CNG is one of the safest transport fuels available.

CNG is actually safer than petroleum. In its natural state, natural gas is odorless. As a safety measure, the gas is odorized with Mercaptan to provide a ready means of leak detection.

CNG has a high ignition temperature of 1,200 degress Fahrenheit, compared to gasoline of 600 degress Fahrenheit. CNG has a narrow range of flammability, 5% to 15% of air. The high ignition temperature and limited flammability range make combustion of CNG unlikely

Natural gas has no known toxic or chronic physiological effects (it is not poisonous).

CNG is lighter than air. Unlike fuels such as diesel, petrol or LPG which are heavier than air, and pools on the ground creating a fire hazard and potential pollution to waterways.

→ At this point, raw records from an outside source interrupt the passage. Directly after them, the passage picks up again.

Lemma cell_setD v w d : w \subset v -> cell v d = cell_union (cell w d) (cell (v :\: w) d).
Proof.
move=> sub_wv; have inv r : (r \in v) = (r \in w) || (r \notin w) && (r \in v).
  by case: (boolP (r \in w)) => // /(subsetP sub_wv) ->.
by rewrite /cell /cell_union /=; congr (_, (_, _)); try apply/setP => t; rewrite !inE; apply: inv.
Qed.

Lemma Anyview_sep_idem m T v : sep (Anyview m T) (Anyview m T) v -> Anyview m T v.
Proof.
case=> w sub_wv [[g1 c1] [g2 c2]]; split; first by rewrite (gpart_setD sub_wv) g1 g2 setU0.
move=> d; rewrite (cell_setD d sub_wv) /cell_union.
case: (c1 d) => [->|[-> dx]]; case: (c2 d) => [->|[-> dx']];
  rewrite /blank /= ?setU0 ?set0U ?setUid ?orbF ?orbb; first by left.
all: by right; case: (m) => ? ?.
Qed.

Lemma Anyview_sep_dup m T v : Anyview m T v -> sep (Anyview m T) (Anyview m T) v.
Proof. by move=> Av; exists v; rewrite ?subxx ?setDv //; split=> //; apply: Anyview0. Qed.

Definition vfilter (pg : pred gatomT) (pt : pred xatomT) (pb : pred bool) v : {set vatom} :=
  [set r in v | match r with inl g => pg g | inr (_, inl t) => pt t | inr (_, inr b) => pb b end].

Lemma vfilter_sub pg pt pb v : vfilter pg pt pb v \subset v.
Proof. by apply/subsetP => r; rewrite inE => /andP []. Qed.

Lemma setD_vfilter pg pt pb v :
  v :\: vfilter pg pt pb v = vfilter (predC pg) (predC pt) (predC pb) v.
Proof.
apply/setP => r; rewrite !inE.
by case: r => [g|[d [t|b]]] /=; case: (_ \in v); rewrite ?andbF ?andbT.
Qed.
Lemma unitary_block_op (W : Y -> op R T) :
  (forall y, unitary (W y)) -> unitary (block_op W).
Proof.
move=> hW; apply: can_ind2 => t y t' y'.
rewrite (inj_eq (can_inj eK)) xpair_eqE sum_block.
transitivity (\sum_y'' (y == y'')%:R * ((y' == y'')%:R *
    \sum_t'' W y t t'' * (W y' t' t'')^*)).
  apply: eq_bigr => y'' _; rewrite !mulr_sumr; apply: eq_bigr => t'' _.
  by rewrite !block_opE rmorphM rmorph_nat; ring.
rewrite sum_delta eq_sym; case: eqVneq => [->|_]; last by rewrite mul0r andbF.
by rewrite hW andbT mul1r.
Qed.

Lemma block_op_mixture (W : Y -> op R T) (lam : Y -> T -> R) :
  mixture (fun u => lam (g u).2 (g u).1) (fun k => (block_op W)^~ k) =
  block_op (fun y => mixture (lam y) (fun k => (W y)^~ k)).
Proof.
apply/funext => u; apply/funext => u'; move: u u'; apply: can_ind2 => t y t' y'.
rewrite block_opE /mixture sum_block.
transitivity (\sum_y'' (y == y'')%:R * ((y' == y'')%:R *
    \sum_t'' W y t t'' * (lam y'' t'')%:C * (W y' t' t'')^*)).
  apply: eq_bigr => y'' _; rewrite !mulr_sumr; apply: eq_bigr => t'' _.
  by rewrite !block_opE eK rmorphM rmorph_nat; ring.
rewrite sum_delta eq_sym; case: eqVneq => [->|_]; last by rewrite !mul0r.
by rewrite !mul1r.
Qed.

Lemma vN_entropy_block_diag (rho : op R I) (sig : Y -> op R T) :
  (forall y, psd (sig y)) -> rho = block_op sig ->
  vN_entropy rho = \sum_y vN_entropy (sig y).
Proof.
move=> /choice [W /choice [lam sigE]] ->.
have hW y : unitary (W y) by case: (sigE y).
have lam_ge0 y k : 0 <= lam y k by case: (sigE y).
have -> : sig = fun y => mixture (lam y) (fun k => (W y)^~ k).
  by apply/funext => y; case: (sigE y).
have blk_ge0 u : 0 <= lam (g u).2 (g u).1 by exact: lam_ge0.
rewrite -block_op_mixture (vN_entropy_spectral (unitary_block_op hW) blk_ge0).
rewrite /shannon sum_block; apply: eq_bigr => y _.
by rewrite vN_entropy_spectral //; apply: eq_bigr => t _; rewrite eK.
Qed.

End BlockDiagonal.

Section CQState.
Variables (R : realType) (d : nat) (X J : finType).
Variables (s : X -> R) (chi : X -> 'I_d -> R[i]) (q : X -> J -> R).
Hypotheses (s_ge0 : forall x, 0 <= s x) (chi_unit : forall x, unit_vector (chi x))
  (q_dist : cond_dist q).

Let q_ge0 x j : 0 <= q x j. Proof. by case: (q_dist x). Qed.
Let q_sum1 x : \sum_j q x j = 1. Proof. by case: (q_dist x). Qed.
Let sq_ge0 x j : 0 <= s x * q x j. Proof. by rewrite mulr_ge0. Qed.

Let weighted_norm x j : \sum_b (s x * q x j)%:C * chi x b * (chi x b)^* = (s x * q x j)%:C.
Proof. by under eq_bigr do rewrite -mulrA; rewrite -mulr_sumr chi_unit mulr1. Qed.

Lemma vN_entropy_rhoA : vN_entropy (rhoA s chi q) = shannon s.
Proof.
apply: vN_entropy_diag => // x x'; rewrite /rhoA /ptrace2 /rhoABC /=.
case: (eqVneq x x') => [_|_]; last by apply: big1 => b _; apply: big1.
rewrite exchange_big /=; under eq_bigr do under eq_bigr do rewrite !eqxx /=.
by under eq_bigr do rewrite weighted_norm; rewrite -rmorph_sum -mulr_sumr q_sum1 mulr1.
Qed.

Lemma vN_entropy_rhoC : vN_entropy (rhoC s chi q) = shannon (fun j => \sum_x s x * q x j).
Proof.
apply: vN_entropy_diag => [j|j j']; first by apply: sumr_ge0 => x _.
rewrite /rhoC /ptrace1 sum_pair /rhoABC /=.
case: (eqVneq j j') => [_|_]; last by apply: big1 => x _; apply: big1 => b _; rewrite andbF.
by rewrite rmorph_sum; apply: eq_bigr => x _; under eq_bigr do rewrite !eqxx; exact: weighted_norm.
Qed.

Lemma vN_entropy_rhoAC :
  vN_entropy (rhoAC s chi q) = shannon (fun u : X * J => s u.1 * q u.1 u.2).
Proof.
apply: vN_entropy_diag => [[x j]|[x j] [x' j']] //; rewrite /rhoAC /rhoABC /= xpair_eqE.
by case: ifP => _; [exact: weighted_norm | apply: big1].
Qed.

Lemma vN_entropy_rhoABC :
  vN_entropy (rhoABC s chi q) = shannon (fun u : X * J => s u.1 * q u.1 u.2).
Proof.
pose e (p : 'I_d * (X * J)) := ((p.2.1, p.1), p.2.2).
pose g (u : (X * 'I_d) * J) := (u.1.2, (u.1.1, u.2)).
have eK : cancel e g by case=> ? [].
have gK : cancel g e by case=> -[].
pose sig (y : X * J) := mixture (fun _ : unit => s y.1 * q y.1 y.2) (fun _ => chi y.1).
rewrite (@vN_entropy_block_diag _ _ _ _ e g eK gK _ sig) => [|y|].
- by rewrite /shannon; apply: eq_bigr => -[x j] _; exact: vN_entropy_rank1.
- exact: psd_mixture.
apply/funext => u; apply/funext => u'; move: u u'; apply: (can_ind2 gK) => b [x j] b' [x' j'].
rewrite block_opE // /rhoABC /sig /mixture /= (big_pred1 tt) // xpair_eqE.
by case: ifP => _; rewrite ?mul0r // mul1r [chi x b * _]mulrC.
Qed.

Lemma vN_entropy_rhoBC : vN_entropy (rhoBC s chi q) =
  \sum_j vN_entropy (mixture (fun x => s x * q x j) chi).
Proof.
pose sig j := mixture (fun x => s x * q x j) chi.
have idK : cancel (@id ('I_d * J)) id by [].
rewrite (@vN_entropy_block_diag _ _ _ _ id id idK idK _ sig) // => [y|].
  exact: psd_mixture.
apply/funext => u; apply/funext => u'; rewrite /block_op /sig /rhoBC /rhoABC /mixture /=.
rewrite mulr_sumr; apply: eq_bigr => x _; rewrite eqxx /=.
by case: ifP => _; rewrite ?mul0r // mul1r [chi x u.1 * _]mulrC.
Qed.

Should a CNG leak occur, the gas will disperse rapidly upgwards into the atmosphere and dissipate.

CNG Fuel Systems - They are "sealed," which prevents any spills or evaporative issues.

CNG fuel storage cylinders - They are much, much stronger than petrol tanks. The design of the cylinders is subject to a number of "severe abuse" tests such as heat and pressure extremes, gunfire, collisions and fire. The systems are also fitted with valves and oter safety devices to prevent leakage and eliminate the risk.

CNG Cylinder pressure - as CNG is stored at high pressure, it is often perceived that the high pressure of the product makes it more hazardous than other fuels. While a high pressure gas leak tends to make a lot of noise as the gas is escaping. The resulting high concentrations of gas and its tendency to dissipate upwards make it less likely for the gas in the immediate vicinity of the leak to ignite.

Safe Distribution of CNG - In most circumstances, CNG is delivered via underground pipeline networks. The method not only eliminates the need for road tankers to deliver fuel from the refinery, but also the need for ocean going oil tankers to deliver crude oil to the refinery.

CNG produces far less urban emissions than diesel vehicles. For example, even with the stringent 2010 EPA heavy-duty engine emission standards, CNG will be producing only one-sixth the NOx of comparable ediesel engines. NGV's have a deserving reputation for being one of the cleanest transport fuels available, not just with respect to vehicle emissions, but also for fuel production. Even when measured against the other 'clean' fuels or methods, such as gasoline-electric hybrids, CNG emissions are frequently lower.


Where does CNG come from?

Most natural gas consumed in the United States is domestically produced in 2 ways

  • Gas streams produced from fossil fuel reservoirs contain natural gas, liquids, and other materials. Processing is required to separate the gas from petroleum liquids and to remove contaminants.
  • Biogas is a mixture of methane and other gases produced from the decomposition of organic materials. It is produced naturally in landfills, and from the processing of animal waste, sewage, crop waste, cellulosic and non-cellulosic crops. An energy-wise and greenhouse gas-wise alternative is to capture the biogas from these renewable waste sources, convert that biogas to bio-methane, and use the bio-methane to displace petroleum or other fossil fuels in transportation or other energy applications.